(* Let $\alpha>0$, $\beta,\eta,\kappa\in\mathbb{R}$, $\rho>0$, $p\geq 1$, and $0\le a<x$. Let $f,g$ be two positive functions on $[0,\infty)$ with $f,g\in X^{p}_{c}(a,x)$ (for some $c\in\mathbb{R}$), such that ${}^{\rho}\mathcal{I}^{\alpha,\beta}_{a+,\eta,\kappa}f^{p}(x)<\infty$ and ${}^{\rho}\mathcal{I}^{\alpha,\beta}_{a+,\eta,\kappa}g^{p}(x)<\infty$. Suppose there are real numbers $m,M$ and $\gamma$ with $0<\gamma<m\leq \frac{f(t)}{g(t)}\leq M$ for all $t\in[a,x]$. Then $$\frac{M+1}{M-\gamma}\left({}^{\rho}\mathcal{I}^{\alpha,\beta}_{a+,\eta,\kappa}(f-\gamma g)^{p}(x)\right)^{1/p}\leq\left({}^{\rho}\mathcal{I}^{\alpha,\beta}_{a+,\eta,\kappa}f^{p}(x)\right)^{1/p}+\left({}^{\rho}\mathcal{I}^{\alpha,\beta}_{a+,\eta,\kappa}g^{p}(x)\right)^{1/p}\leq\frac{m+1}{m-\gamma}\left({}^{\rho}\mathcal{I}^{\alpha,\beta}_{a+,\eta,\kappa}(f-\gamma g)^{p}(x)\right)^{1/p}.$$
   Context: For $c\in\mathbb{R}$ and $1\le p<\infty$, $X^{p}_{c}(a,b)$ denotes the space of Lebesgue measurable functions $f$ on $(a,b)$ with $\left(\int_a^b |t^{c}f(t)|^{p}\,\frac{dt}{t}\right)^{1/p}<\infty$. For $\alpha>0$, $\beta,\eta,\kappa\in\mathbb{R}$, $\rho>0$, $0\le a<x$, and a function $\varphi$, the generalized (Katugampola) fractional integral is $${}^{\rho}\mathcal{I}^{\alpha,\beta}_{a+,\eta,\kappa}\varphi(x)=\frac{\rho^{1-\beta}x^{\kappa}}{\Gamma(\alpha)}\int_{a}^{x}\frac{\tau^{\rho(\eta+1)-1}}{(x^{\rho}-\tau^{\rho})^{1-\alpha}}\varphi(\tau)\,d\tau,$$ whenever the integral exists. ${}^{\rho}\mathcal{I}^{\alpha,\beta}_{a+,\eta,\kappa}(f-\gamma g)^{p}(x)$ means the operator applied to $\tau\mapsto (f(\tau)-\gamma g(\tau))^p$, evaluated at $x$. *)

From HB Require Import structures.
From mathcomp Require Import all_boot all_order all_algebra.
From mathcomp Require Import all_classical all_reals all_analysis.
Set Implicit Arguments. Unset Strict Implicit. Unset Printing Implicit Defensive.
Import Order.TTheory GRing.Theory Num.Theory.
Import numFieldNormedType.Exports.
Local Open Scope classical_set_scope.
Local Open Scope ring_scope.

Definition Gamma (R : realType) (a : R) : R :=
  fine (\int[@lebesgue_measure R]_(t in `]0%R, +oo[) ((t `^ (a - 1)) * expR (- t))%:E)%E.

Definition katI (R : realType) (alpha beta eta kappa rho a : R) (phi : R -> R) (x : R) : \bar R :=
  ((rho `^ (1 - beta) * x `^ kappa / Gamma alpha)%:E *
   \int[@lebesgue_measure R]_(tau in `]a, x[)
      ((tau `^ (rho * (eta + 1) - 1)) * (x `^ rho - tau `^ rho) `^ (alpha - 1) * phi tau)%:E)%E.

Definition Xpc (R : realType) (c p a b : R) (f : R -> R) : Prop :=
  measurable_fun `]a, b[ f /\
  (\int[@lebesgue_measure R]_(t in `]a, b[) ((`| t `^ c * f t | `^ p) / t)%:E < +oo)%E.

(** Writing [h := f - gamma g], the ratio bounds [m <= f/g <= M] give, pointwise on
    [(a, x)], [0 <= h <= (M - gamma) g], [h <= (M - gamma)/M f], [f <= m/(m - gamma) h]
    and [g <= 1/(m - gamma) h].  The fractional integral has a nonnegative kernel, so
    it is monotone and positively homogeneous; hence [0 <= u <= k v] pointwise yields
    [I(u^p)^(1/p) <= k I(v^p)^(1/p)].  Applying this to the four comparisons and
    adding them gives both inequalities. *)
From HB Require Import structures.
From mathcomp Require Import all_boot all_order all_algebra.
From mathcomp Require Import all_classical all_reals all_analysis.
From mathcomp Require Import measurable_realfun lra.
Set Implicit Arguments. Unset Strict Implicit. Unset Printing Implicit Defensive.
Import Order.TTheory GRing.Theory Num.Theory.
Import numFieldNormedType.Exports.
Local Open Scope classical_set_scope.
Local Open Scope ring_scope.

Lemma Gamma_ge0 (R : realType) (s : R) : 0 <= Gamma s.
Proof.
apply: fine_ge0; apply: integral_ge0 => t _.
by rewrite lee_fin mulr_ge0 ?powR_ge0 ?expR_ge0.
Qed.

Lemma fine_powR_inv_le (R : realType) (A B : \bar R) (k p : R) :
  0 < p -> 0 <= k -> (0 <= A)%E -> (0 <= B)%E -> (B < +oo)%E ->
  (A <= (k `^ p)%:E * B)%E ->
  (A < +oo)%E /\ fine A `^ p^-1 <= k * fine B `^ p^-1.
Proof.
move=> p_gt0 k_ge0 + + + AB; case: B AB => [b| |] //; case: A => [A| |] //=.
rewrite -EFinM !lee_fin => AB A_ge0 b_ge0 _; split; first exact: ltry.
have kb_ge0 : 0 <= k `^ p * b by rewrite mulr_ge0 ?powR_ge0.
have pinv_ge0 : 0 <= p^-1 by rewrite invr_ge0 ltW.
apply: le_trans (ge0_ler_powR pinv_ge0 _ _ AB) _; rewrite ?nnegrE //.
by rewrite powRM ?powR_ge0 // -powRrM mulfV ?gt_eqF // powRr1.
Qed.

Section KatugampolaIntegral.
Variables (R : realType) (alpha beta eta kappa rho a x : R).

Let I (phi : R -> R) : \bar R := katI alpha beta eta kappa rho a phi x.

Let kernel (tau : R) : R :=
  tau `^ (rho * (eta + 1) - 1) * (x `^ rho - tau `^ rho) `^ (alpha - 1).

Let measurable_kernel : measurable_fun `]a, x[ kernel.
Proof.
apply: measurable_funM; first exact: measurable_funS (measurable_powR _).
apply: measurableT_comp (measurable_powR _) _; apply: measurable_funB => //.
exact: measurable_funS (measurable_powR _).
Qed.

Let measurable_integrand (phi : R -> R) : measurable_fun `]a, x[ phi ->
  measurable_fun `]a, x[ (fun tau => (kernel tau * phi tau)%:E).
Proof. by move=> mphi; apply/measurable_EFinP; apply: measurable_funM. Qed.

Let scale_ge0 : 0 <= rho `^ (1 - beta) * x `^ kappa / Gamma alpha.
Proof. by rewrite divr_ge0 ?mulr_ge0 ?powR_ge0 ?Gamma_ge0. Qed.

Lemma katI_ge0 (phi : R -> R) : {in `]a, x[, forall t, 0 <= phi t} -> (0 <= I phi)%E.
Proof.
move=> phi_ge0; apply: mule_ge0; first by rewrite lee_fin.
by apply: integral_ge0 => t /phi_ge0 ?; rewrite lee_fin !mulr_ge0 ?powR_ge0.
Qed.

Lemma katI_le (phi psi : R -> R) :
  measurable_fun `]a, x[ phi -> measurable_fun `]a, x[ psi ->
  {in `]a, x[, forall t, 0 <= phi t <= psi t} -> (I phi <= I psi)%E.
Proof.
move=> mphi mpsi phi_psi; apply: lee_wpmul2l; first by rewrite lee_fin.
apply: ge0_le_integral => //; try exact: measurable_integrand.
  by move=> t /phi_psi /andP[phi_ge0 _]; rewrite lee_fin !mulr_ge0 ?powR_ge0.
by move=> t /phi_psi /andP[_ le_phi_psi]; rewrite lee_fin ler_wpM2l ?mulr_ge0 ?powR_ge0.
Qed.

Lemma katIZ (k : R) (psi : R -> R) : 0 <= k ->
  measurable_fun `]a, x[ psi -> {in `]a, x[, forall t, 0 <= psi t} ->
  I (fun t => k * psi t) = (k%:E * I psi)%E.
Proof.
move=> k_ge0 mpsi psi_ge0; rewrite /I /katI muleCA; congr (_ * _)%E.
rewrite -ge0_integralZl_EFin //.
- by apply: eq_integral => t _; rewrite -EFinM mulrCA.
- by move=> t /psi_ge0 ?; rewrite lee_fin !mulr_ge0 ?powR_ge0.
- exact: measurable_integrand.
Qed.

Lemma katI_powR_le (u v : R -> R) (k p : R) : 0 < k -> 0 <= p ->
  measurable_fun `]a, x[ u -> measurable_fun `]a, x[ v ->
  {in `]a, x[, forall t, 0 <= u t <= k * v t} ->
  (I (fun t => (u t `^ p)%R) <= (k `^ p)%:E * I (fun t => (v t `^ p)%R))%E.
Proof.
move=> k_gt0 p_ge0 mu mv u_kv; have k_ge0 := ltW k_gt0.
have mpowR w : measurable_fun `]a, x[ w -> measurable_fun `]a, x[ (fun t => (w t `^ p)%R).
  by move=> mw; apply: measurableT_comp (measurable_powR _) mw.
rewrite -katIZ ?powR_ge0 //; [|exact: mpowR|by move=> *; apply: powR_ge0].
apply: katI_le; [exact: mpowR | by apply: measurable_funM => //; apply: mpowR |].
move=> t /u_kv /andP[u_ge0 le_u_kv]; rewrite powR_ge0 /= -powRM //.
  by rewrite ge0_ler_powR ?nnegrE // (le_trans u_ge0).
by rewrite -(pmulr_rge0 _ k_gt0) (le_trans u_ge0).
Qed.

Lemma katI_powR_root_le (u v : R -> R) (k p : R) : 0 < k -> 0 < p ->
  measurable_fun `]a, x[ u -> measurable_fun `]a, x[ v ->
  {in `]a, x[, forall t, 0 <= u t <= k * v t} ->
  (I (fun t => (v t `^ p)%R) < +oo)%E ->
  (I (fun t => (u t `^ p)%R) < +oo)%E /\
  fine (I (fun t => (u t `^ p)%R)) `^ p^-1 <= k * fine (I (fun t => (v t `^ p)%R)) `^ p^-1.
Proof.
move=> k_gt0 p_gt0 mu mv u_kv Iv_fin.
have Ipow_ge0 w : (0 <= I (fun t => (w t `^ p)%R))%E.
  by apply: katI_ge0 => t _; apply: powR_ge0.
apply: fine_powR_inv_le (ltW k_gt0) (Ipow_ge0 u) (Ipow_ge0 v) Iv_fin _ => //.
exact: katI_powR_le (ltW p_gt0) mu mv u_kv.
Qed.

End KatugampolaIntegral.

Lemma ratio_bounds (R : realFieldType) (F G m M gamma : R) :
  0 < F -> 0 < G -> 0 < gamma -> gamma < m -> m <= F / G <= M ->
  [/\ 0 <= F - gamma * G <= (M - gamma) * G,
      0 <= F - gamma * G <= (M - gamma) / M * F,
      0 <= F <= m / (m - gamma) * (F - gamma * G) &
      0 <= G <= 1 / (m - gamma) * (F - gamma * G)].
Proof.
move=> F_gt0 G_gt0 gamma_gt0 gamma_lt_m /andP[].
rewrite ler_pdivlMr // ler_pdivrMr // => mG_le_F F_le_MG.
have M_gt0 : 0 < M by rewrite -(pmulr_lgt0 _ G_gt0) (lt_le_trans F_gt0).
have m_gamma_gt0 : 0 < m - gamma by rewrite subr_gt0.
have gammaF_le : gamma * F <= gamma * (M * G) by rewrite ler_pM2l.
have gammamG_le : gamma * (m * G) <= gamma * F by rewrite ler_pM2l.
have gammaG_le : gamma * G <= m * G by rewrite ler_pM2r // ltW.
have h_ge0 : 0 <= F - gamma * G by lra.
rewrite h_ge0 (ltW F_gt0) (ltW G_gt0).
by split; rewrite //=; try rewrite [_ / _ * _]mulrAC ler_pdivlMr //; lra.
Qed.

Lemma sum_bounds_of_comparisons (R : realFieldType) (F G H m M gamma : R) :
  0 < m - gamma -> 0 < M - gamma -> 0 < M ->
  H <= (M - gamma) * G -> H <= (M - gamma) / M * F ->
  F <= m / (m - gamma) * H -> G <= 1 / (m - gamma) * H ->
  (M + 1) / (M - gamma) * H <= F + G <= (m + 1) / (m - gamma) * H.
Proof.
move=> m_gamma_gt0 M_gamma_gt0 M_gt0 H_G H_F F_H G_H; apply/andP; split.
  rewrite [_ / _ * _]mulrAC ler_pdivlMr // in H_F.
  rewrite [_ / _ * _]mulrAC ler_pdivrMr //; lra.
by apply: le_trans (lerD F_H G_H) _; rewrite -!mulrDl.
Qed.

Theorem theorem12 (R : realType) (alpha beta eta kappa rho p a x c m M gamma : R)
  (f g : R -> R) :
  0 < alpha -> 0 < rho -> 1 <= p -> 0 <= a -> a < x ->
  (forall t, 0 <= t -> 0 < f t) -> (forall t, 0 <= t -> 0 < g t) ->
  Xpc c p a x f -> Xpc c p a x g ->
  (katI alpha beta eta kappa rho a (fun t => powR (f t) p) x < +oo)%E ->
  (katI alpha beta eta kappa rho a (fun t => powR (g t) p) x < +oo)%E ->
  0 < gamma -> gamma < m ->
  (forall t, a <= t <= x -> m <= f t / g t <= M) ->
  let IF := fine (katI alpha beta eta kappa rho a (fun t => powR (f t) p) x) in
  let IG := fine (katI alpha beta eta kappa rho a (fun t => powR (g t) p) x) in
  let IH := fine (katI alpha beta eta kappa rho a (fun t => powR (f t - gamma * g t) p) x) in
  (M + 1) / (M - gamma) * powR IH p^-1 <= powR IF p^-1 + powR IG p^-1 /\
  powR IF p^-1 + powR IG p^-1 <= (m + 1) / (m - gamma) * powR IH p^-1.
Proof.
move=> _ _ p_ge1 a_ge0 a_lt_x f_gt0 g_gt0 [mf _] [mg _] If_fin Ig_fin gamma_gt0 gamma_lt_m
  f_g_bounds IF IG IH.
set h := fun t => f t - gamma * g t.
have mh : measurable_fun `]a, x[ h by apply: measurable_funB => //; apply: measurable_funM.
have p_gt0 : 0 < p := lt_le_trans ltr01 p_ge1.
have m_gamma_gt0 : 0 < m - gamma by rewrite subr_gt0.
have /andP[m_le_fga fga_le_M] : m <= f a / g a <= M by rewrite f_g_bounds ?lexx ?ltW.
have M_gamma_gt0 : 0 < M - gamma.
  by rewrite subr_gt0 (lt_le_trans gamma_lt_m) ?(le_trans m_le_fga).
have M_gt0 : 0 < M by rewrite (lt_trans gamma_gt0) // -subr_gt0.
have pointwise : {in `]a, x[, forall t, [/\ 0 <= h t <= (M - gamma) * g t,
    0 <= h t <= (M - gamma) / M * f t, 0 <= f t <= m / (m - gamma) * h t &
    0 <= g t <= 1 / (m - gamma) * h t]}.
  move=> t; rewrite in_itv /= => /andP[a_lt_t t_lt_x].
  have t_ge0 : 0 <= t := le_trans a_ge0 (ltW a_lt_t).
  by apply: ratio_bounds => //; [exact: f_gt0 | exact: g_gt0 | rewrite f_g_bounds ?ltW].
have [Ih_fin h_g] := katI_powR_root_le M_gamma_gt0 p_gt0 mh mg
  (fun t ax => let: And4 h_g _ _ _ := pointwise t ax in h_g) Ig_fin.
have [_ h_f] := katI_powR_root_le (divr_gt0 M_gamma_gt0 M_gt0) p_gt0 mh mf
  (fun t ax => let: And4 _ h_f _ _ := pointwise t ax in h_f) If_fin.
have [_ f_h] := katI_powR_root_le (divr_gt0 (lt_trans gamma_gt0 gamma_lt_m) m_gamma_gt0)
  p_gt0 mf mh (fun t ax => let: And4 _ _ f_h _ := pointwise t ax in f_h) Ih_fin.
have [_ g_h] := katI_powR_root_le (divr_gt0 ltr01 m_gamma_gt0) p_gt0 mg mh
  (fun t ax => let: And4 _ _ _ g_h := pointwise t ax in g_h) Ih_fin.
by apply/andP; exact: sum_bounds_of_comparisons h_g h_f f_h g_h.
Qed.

· · · · · · ·

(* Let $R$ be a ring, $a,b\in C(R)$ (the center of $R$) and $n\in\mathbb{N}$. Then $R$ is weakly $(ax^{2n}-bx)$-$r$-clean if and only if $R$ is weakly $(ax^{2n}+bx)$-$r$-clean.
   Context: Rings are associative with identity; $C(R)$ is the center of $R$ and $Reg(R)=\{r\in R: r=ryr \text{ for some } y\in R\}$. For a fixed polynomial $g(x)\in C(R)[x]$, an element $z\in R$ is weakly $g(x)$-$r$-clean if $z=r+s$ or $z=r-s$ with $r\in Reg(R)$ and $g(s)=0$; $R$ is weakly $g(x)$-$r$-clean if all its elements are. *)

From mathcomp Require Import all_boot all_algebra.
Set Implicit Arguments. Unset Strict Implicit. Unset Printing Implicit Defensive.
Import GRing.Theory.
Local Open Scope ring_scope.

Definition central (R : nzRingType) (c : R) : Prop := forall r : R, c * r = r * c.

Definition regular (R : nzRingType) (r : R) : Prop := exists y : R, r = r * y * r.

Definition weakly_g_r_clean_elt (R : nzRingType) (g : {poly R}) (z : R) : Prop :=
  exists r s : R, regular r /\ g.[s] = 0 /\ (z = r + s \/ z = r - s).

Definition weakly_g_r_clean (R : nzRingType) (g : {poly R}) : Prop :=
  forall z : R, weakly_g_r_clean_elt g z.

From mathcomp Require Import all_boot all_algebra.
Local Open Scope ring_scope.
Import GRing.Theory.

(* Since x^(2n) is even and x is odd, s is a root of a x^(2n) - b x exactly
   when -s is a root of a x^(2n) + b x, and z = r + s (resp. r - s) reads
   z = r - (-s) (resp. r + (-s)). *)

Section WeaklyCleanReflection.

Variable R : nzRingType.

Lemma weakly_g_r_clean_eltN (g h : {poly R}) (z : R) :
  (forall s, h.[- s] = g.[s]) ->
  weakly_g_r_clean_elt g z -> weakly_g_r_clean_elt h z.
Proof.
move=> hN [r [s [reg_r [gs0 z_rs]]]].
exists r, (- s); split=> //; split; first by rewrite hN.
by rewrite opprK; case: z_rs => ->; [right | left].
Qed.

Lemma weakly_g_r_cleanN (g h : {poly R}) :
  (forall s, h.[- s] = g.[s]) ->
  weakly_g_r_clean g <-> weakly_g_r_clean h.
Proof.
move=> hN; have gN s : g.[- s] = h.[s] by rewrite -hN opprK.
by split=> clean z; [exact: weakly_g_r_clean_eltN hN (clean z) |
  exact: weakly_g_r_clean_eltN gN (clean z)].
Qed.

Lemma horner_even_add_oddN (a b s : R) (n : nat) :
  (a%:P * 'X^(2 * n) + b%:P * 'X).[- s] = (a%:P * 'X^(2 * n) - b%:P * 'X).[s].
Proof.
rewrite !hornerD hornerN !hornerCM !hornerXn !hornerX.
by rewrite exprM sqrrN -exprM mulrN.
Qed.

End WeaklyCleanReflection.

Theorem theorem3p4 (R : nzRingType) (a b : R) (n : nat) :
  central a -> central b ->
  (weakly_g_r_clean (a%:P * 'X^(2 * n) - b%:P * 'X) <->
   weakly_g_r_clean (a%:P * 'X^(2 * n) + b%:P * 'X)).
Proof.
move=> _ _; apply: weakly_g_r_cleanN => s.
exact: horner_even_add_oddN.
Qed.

· · · · · · ·

**Requirement:** A verbatim transcription is needed of the lines above, starting at the line with "Definition katI (R" and ending at the line with "t)%:E < +oo)%E.", both included, and of nothing else.

**Result of the exercise:**
Definition katI (R : realType) (alpha beta eta kappa rho a : R) (phi : R -> R) (x : R) : \bar R :=
  ((rho `^ (1 - beta) * x `^ kappa / Gamma alpha)%:E *
   \int[@lebesgue_measure R]_(tau in `]a, x[)
      ((tau `^ (rho * (eta + 1) - 1)) * (x `^ rho - tau `^ rho) `^ (alpha - 1) * phi tau)%:E)%E.

Definition Xpc (R : realType) (c p a b : R) (f : R -> R) : Prop :=
  measurable_fun `]a, b[ f /\
  (\int[@lebesgue_measure R]_(t in `]a, b[) ((`| t `^ c * f t | `^ p) / t)%:E < +oo)%E.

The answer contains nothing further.